(* Descent of coordinates: if f(u) is an L-combination of the images of a
   K-independent family b, then the coefficients are images of K-coefficients
   expressing u.  (b has a right inverse matrix C over K, and the coefficient
   vector is f(u) C = f(u C).) *)
Lemma coords_descend m (b : 'I_m -> 'rV[K]_d) (u : 'rV[K]_d) (g : 'I_m -> L) :
  lin_indep b -> map_mx f u = \sum_j g j *: map_mx f (b j) ->
  exists c : 'I_m -> K, (forall j, g j = f (c j)) /\ u = \sum_j c j *: b j.
Proof.
move=> /lin_indep_row_free /row_freeP [C HC].
have map_rows : \matrix_j map_mx f (b j) = map_mx f (\matrix_j b j).
  by apply/row_matrixP => j; rewrite -map_row !rowK.
rewrite comb_mulmx map_rows => Hu.
have Hg : map_mx f (u *m C) = \row_j g j.
  by rewrite map_mxM Hu -mulmxA -map_mxM HC map_mx1 mulmx1.
exists (fun j => (u *m C) 0 j); split.
  by move=> j; have := congr1 (fun M : 'rV[L]_m => M 0 j) Hg; rewrite !mxE.
apply: (@map_mx_inj _ _ f); rewrite comb_mulmx map_mxM Hu -Hg.
by rewrite (_ : \row_j _ = u *m C) //; apply/rowP => j; rewrite mxE.
Qed.

Variables (G : zmodType) (le : rel G) (vK : K -> option G) (vL : L -> option G).
Hypotheses (hvK : is_valuation le vK) (hvL : is_valuation le vL).
Hypothesis vLf : forall x, vL (f x) = vK x.

Lemma Ospan_map m (b : 'I_m -> 'rV[K]_d) u :
  Ospan le vK b u -> Ospan le vL (fun j => map_mx f (b j)) (map_mx f u).
Proof.
case=> c [Hc ->]; exists (fun j => f (c j)); split.
  by move=> j; rewrite /vring vLf; apply: Hc.
by rewrite map_mx_sum; apply: eq_bigr => j _; rewrite map_mxZ.
Qed.

Lemma Ospan_descend m (b : 'I_m -> 'rV[K]_d) u :
  lin_indep b -> Ospan le vL (fun j => map_mx f (b j)) (map_mx f u) ->
  Ospan le vK b u.
Proof.
move=> Hb [g [Hg /(coords_descend Hb) [c [Hcg ->]]]].
by exists c; split=> // j; have := Hg j; rewrite /vring Hcg vLf.
Qed.

Lemma conv_extension_descends (S : 'rV[K]_d -> Prop) z :
  convex le vK S ->
  conv le vL (fun w => exists2 s, S s & w = map_mx f s) (map_mx f z) -> S z.
Proof.
move=> hS [[|n] [x [a [Hx Ha Hsum Hz]]]].
  by move: Hsum; rewrite big_ord0 => /eqP; rewrite eq_sym oner_eq0.
have [s Hs] := fin_all_exists (fun i =>
  let: ex_intro2 si Ssi xi := Hx i in ex_intro _ si (conj Ssi xi)).
pose s0 := s ord0; pose w i := s i - s0.
have [m [b [Hb Hwb]]] := Ospan_indep_basis hvK w.
have shift_image : map_mx f (z - s0) = \sum_i a i *: map_mx f (w i).
  rewrite map_mxB Hz -[map_mx f s0]scale1r -Hsum scaler_suml -sumrB.
  by apply: eq_bigr => i _; rewrite /w map_mxB (proj2 (Hs i)) scalerBr.
have [e [He Hze]] : Ospan le vK w (z - s0).
  apply/Hwb; apply: (Ospan_descend Hb); rewrite shift_image.
  apply: (Ospan_comb hvL) => // i; apply: Ospan_map.
  by apply/Hwb; apply: Ospan_gen.
rewrite -[z](subrK s0) addrC Hze.
by apply: (convex_affine hvK) => // [|i]; apply: (proj1 (Hs _)).
Qed.

End Extension.

Unset Implicit Arguments.
Theorem lemma4p2 (K : fieldType) (G : zmodType) (le : rel G)
    (vK : K -> option G) (hvK : is_valuation le vK)
    (d : nat) (hd : (0 < d)%N) (S : 'rV[K]_d -> Prop) (hS : convex le vK S) :
  (* (1) *)
  ((S 0 -> (exists Y : seq 'rV[K]_d, forall z, S z <-> conv le vK (fun y => y \in Y) z) ->
     exists m (b : 'I_m -> 'rV[K]_d),
       lin_indep b /\ forall z, S z <-> Ospan le vK b z)
  /\
  (* (2) *)
  (forall (L : fieldType) (f : {rmorphism K -> L}) (vL : L -> option G),
     is_valuation le vL -> (forall x, vL (f x) = vK x) ->
     forall z : 'rV[K]_d,
       conv le vL (fun w => exists2 s, S s & w = map_mx f s) (map_mx f z) <-> S z)).
Proof.
split.
  move=> S0 [Y HY].
  have [m [b [Hb Hspan]]] := Ospan_indep_basis hvK (fun i : 'I_(size Y) => Y`_i).
  exists m, b; split=> // z.
  by rewrite (conv_origin_Ospan hvK hS S0 HY); apply: Hspan.
move=> L f vL hvL vLf z; split; first exact: (conv_extension_descends hvK hvL vLf hS).
move=> Sz; exists 1%N, (fun _ => map_mx f z), (fun _ => 1).
by split=> [_|_||]; rewrite ?big_ord1 ?scale1r //; [exists z | apply: vring1].
Qed.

^^^^^^^^^^^^^^^^

• Task description
Tally up the lines holding the string "Hspan" in this listing, and report the total alone.

• Solution
2